Associate Professor Huiju Wang, a researcher of the base, has published a collaborative paper titled "Pricing Method for Path Queries with Label Constraints" in Journal of Frontiers of Computer Science and Technology.
Abstract: With the deepening recognition of the value of data elements across society, establishing a reasonable data pricing mechanism has become a core issue in promoting the development of the data elements market. In recent years, path query technology has achieved remarkable results in optimizing industry resource allocation efficiency and enhancing decision-making efficiency, continuously generating significant economic benefits for society. However, current research on graph data pricing primarily focuses on issues such as social network pricing and statistical query pricing, with limited studies on path query pricing. Therefore, this paper conducts research on path query pricing in graph data and proposes a personalized path query pricing mechanism. Specifically, this pricing mechanism, based on providing consumers with optimal solutions, considers different types of consumers’ preferences for path length and price, and returns the final price. It also allows consumers to query multiple paths in a single request. Additionally, the paper analyzes potential arbitrage issues in path query pricing and designs corresponding arbitrage-free mechanisms for each type of scenario. Furthermore, it develops an exact query pricing algorithm and an approximate query pricing algorithm for different query conditions. To avoid the additional computational costs induced by graph updates, the paper investigates dynamic query pricing and proposes a new solution to prevent recalculating query prices from scratch, thereby reducing computational costs. Finally, experiments using real and synthetic data verify that the proposed algorithms can effectively price large-scale graph data based on pricing theory.

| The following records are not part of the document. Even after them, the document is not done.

(* Let $T$ be a rooted binary phylogenetic $X$-tree with strictly positive edge lengths $\lambda_T(e)$ such that the ranking $\pi_T$ is strict and reversible with respect to some $X'\subset X$. Let $k,d>0$. If all edge lengths are multiplied by $k$ and then $d$ is added to the length of every pendant edge, the resulting edge lengths again give a strict ranking that is reversible with respect to $X'$.
   Context: A rooted binary phylogenetic $X$-tree ($X$ finite) is a rooted tree whose root $\rho$ has in-degree 0 and out-degree 2, all edges directed away from $\rho$, all other interior vertices have in-degree 1 and out-degree 2, and whose leaves are bijectively labelled by $X$. Edges incident to leaves are pendant edges. Every edge $e$ has a strictly positive length $\lambda_e$. The Fair Proportion index of $x\in X$ is $FP_T(x)=\sum_{e\in P(T;\rho,x)}\lambda_e/D_e$, where $P(T;\rho,x)$ is the path from $\rho$ to $x$ and $D_e$ is the number of leaves descended from $e$. For $Y\subseteq X$, the induced subtree $T_Y$ is obtained from the minimal subtree of $T$ connecting $Y$ by suppressing all non-root vertices of in- and out-degree 1, adding the lengths of merged edges; if the root then has out-degree 1, it and its incident edge are deleted. The ranking $\pi_T$ is strict if all values $FP_T(x)$ are pairwise distinct. For $X'\subset X$, $\widetilde X=X\setminus X'$ and $\widetilde T=T_{\widetilde X}$, a strict ranking $\pi_T$ is reversible with respect to $X'$ if for all distinct $x_i,x_j\in\widetilde X$, $FP_T(x_i)>FP_T(x_j)$ implies $FP_{\widetilde T}(x_i)<FP_{\widetilde T}(x_j)$. *)

From HB Require Import structures.
From mathcomp Require Import all_boot all_order all_algebra.
Set Implicit Arguments. Unset Strict Implicit. Unset Printing Implicit Defensive.
Import Order.TTheory GRing.Theory Num.Theory.
Local Open Scope ring_scope.

(* A rooted binary tree with leaves labelled in X and real edge lengths.
   [Node l a r b] is an interior vertex (or the root) with two outgoing edges:
   the edge to the subtree [l] has length [a], the edge to [r] has length [b].
   The root has no incoming edge. *)
Inductive btree (X : Type) (R : Type) : Type :=
  | Leaf of X
  | Node of btree X R & R & btree X R & R.
Arguments Leaf {X R}.
Arguments Node {X R}.

Section Trees.
Variables (X : eqType) (R : realFieldType).

Fixpoint leaves (t : btree X R) : seq X :=
  match t with
  | Leaf x => [:: x]
  | Node l _ r _ => leaves l ++ leaves r
  end.

Fixpoint pos_lengths (t : btree X R) : bool :=
  match t with
  | Leaf _ => true
  | Node l a r b => [&& 0 < a, 0 < b, pos_lengths l & pos_lengths r]
  end.

(* rooted binary phylogenetic X-tree with X = leaves t: the root has
   out-degree 2 and the leaf labelling is injective *)
Definition phylo_tree (t : btree X R) : bool :=
  uniq (leaves t) && (if t is Node _ _ _ _ then true else false).

(* Fair Proportion index: sum over edges e on the root-to-x path of
   lambda_e / D_e, D_e = number of leaves below e. *)
Fixpoint FP (t : btree X R) (x : X) : R :=
  match t with
  | Leaf _ => 0
  | Node l a r b =>
      if x \in leaves l then a / (size (leaves l))%:R + FP l x
      else if x \in leaves r then b / (size (leaves r))%:R + FP r x
      else 0
  end.

Definition strict_ranking (t : btree X R) : Prop :=
  forall x y, x \in leaves t -> y \in leaves t -> x != y -> FP t x != FP t y.

(* Restriction to the leaves satisfying P, with suppression of degree-2
   vertices (lengths of merged edges added).  Returns the restricted
   subtree together with the extra length to be added to its incoming edge. *)
Fixpoint restrict (P : pred X) (t : btree X R) : option (btree X R * R) :=
  match t with
  | Leaf x => if P x then Some (Leaf x, 0) else None
  | Node l a r b =>
      match restrict P l, restrict P r with
      | Some (l', e), Some (r', f) => Some (Node l' (a + e) r' (b + f), 0)
      | Some (l', e), None => Some (l', a + e)
      | None, Some (r', f) => Some (r', b + f)
      | None, None => None
      end
  end.

(* induced subtree T_Y for Y = {x in leaves t | P x}; if the root ends up with
   out-degree 1 it is deleted together with its incident edge (the extra
   length at the top is discarded). *)
Definition induced (P : pred X) (t : btree X R) : option (btree X R) :=
  omap fst (restrict P t).

Definition Xtilde (t : btree X R) (X' : seq X) : pred X :=
  fun x => (x \in leaves t) && (x \notin X').

Definition reversible (t : btree X R) (X' : seq X) : Prop :=
  strict_ranking t /\
  forall t', induced (Xtilde t X') t = Some t' ->
  forall xi xj, Xtilde t X' xi -> Xtilde t X' xj -> xi != xj ->
    FP t xj < FP t xi -> FP t' xi < FP t' xj.

Fixpoint transform (k d : R) (t : btree X R) : btree X R :=
  match t with
  | Leaf x => Leaf x
  | Node l a r b =>
      Node (transform k d l) (k * a + (if l is Leaf _ then d else 0))
           (transform k d r) (k * b + (if r is Leaf _ then d else 0))
  end.

End Trees.

From mathcomp Require Import all_boot all_order all_algebra.
From mathcomp Require Import ring.
Import Order.TTheory GRing.Theory Num.Theory.
Local Open Scope ring_scope.

(* Scaling all edge lengths by k > 0 and adding d to every pendant edge acts
   on the Fair Proportion index as the increasing affine map v |-> k v + d:
   on the path from the root to a leaf x only the pendant edge of x changes
   beyond scaling, and it is counted with weight 1/D_e = 1.  The same holds
   for the induced subtree on X \ X', because taking induced subtrees
   commutes with the transformation: suppressing a vertex adds lengths, and
   addition commutes with scaling, while the bonus d stays on the pendant
   edge of the surviving leaf.  An increasing map applied to the FP values of
   both T and its induced subtree preserves every strict comparison, hence
   both strictness and reversibility of the ranking. *)

Section Transform.
Variables (X : eqType) (R : realFieldType).

Lemma restrict_None {P : pred X} {t : btree X R} :
  restrict P t = None -> filter P (leaves t) = [::].
Proof.
elim: t => [y|l IHl a r IHr b] /=; first by case: (P y).
rewrite filter_cat.
case: (restrict P l) IHl => [[? ?]|]; case: (restrict P r) IHr => [[? ?]|] //.
by move=> -> // -> .
Qed.

Lemma leaves_restrict (P : pred X) (t t' : btree X R) (e : R) :
  restrict P t = Some (t', e) -> leaves t' = filter P (leaves t).
Proof.
elim: t t' e => [y|l IHl a r IHr b] t' e /=.
  by case: (P y) => // -[<- _].
rewrite filter_cat.
case El: (restrict P l) => [[l' e1]|]; case Er: (restrict P r) => [[r' f]|] //.
- by move=> [<- _] /=; rewrite (IHl _ _ El) (IHr _ _ Er).
- by move=> [<- _]; rewrite (IHl _ _ El) (restrict_None Er) cats0.
- by move=> [<- _]; rewrite (IHr _ _ Er) (restrict_None El).
Qed.

Lemma leaves_induced {P : pred X} {t t' : btree X R} :
  induced P t = Some t' -> leaves t' = filter P (leaves t).
Proof.
rewrite /induced; case E: restrict => [[u e]|] //= [<-].
exact: leaves_restrict E.
Qed.

Variables (k d : R).

Definition pendant_bonus (t : btree X R) : R := if t is Leaf _ then d else 0.

Lemma leaves_transform (t : btree X R) : leaves (transform k d t) = leaves t.
Proof. by elim: t => //= l -> a r -> b. Qed.

Lemma Xtilde_transform (t : btree X R) (X' : seq X) :
  Xtilde (transform k d t) X' = Xtilde t X'.
Proof. by rewrite /Xtilde leaves_transform. Qed.

(* FP is transformed affinely; unless [t] is a single leaf, the root-to-leaf
   path ends with a pendant edge, which contributes the bonus d. *)
Lemma FP_transform (t : btree X R) (x : X) : x \in leaves t ->
  FP (transform k d t) x = k * FP t x + (d - pendant_bonus t).
Proof.
elim: t => [y|l IHl a r IHr b] /=; first by rewrite mulr0 subrr addr0.
rewrite !leaves_transform mem_cat.
case: ifP => [xl _|xNl /= xr]; last rewrite xr IHr //.
  rewrite IHl //; case: l {IHl} xl => [y|l1 a1 r1 b1] _;
    by rewrite /pendant_bonus /= ?divr1; ring.
by case: r {IHr} xr => [y|l1 a1 r1 b1] _;
  rewrite /pendant_bonus /= ?divr1; ring.
Qed.

(* Restriction commutes with the transformation: the restricted subtree is
   transformed, and its pending extra length is scaled, with the pendant bonus
   moved from the old top edge to the new one. *)
Lemma restrict_transform (P : pred X) (t : btree X R) :
  restrict P (transform k d t) =
  omap (fun p => (transform k d p.1,
                  k * p.2 + pendant_bonus p.1 - pendant_bonus t))
       (restrict P t).
Proof.
rewrite /pendant_bonus.
elim: t => [y|l IHl a r IHr b] /=.
  by case: (P y) => //=; rewrite mulr0 add0r subrr.
rewrite IHl IHr {IHl IHr}.
case: (restrict P l) => [[l' e]|]; case: (restrict P r) => [[r' f]|] //=.
- rewrite mulr0 add0r subr0; congr (Some (Node _ _ _ _, _));
    by case: l' => [?|????]; case: r' => [?|????];
       case: l => [?|????]; case: r => [?|????] /=; ring.
- by rewrite subr0; congr (Some (_, _));
    case: l' => [?|????]; case: l => [?|????] /=; ring.
- by rewrite subr0; congr (Some (_, _));
    case: r' => [?|????]; case: r => [?|????] /=; ring.
Qed.

Lemma induced_transform (P : pred X) (t : btree X R) :
  induced P (transform k d t) = omap (transform k d) (induced P t).
Proof. by rewrite /induced restrict_transform; case: restrict. Qed.

Section Positive_scaling.
Hypothesis k_gt0 : 0 < k.

Lemma FP_transform_lt (t : btree X R) (x y : X) :
  x \in leaves t -> y \in leaves t ->
  (FP (transform k d t) x < FP (transform k d t) y) = (FP t x < FP t y).
Proof. by move=> xt yt; rewrite !FP_transform // ltrD2r ltr_pM2l. Qed.

Lemma strict_ranking_transform (t : btree X R) :
  strict_ranking t -> strict_ranking (transform k d t).
Proof.
move=> strict x y; rewrite !leaves_transform => xt yt xy.
rewrite !FP_transform // (inj_eq (addIr _)) (inj_eq (mulfI (lt0r_neq0 k_gt0))).
exact: strict.
Qed.

Lemma reversible_transform (t : btree X R) (X' : seq X) :
  reversible t X' -> reversible (transform k d t) X'.
Proof.
move=> [strict rev]; split; first exact: strict_ranking_transform.
move=> u; rewrite !Xtilde_transform induced_transform.
case Et: (induced _ t) => [t'|] //= [<-] xi xj Xi Xj xij.
have in_t x : Xtilde t X' x -> x \in leaves t by case/andP.
have in_t' x : Xtilde t X' x -> x \in leaves t'.
  by move=> Xx; rewrite (leaves_induced Et) mem_filter Xx in_t.
rewrite !FP_transform_lt ?in_t ?in_t' //.
exact: rev.
Qed.

End Positive_scaling.

End Transform.

Theorem corollary2 (X : eqType) (R : realFieldType) (t : btree X R)
    (X' : seq X) (k d : R) :
  phylo_tree t -> pos_lengths t ->
  {subset X' <= leaves t} -> (exists x, (x \in leaves t) && (x \notin X')) ->
  strict_ranking t -> reversible t X' ->
  0 < k -> 0 < d ->
  strict_ranking (transform k d t) /\ reversible (transform k d t) X'.
Proof.
move=> _ _ _ _ strict rev k_gt0 _.
split; [exact: strict_ranking_transform | exact: reversible_transform].
Qed.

Keywords: Graph Data Pricing, Path Query, Personalization, Arbitrage-free, Dynamic Query Pricing
Link: https://kns.cnki.net/kcms2/article/abstract

Author profile
Huiju Wang , Associate Professor, currently serves as the deputy director of the Department of Information at Zhongnan University of Economics and Law. He has been committed to the research and development of basic theories, algorithms, and cutting-edge technologies in the field of data science and knowledge engineering. His key research areas include big data, high-performance databases, data warehouses, artificial intelligence, and data pricing. He has published more than 20 high-quality academic papers in the field of big data. The highest citation count of a single SCI English paper is more than 400 times (ESI highly cited paper), and the highest citation count of a single Chinese paper on CNKI is more than 1000 times. He has also authored a monograph on big data independently. He has won the Outstanding Paper Award of Chinese Journal of Computers (only 3 papers are selected every five years, with a selection rate of less than 3‰), the Outstanding Doctoral Dissertation Award of Renmin University of China, and other honors.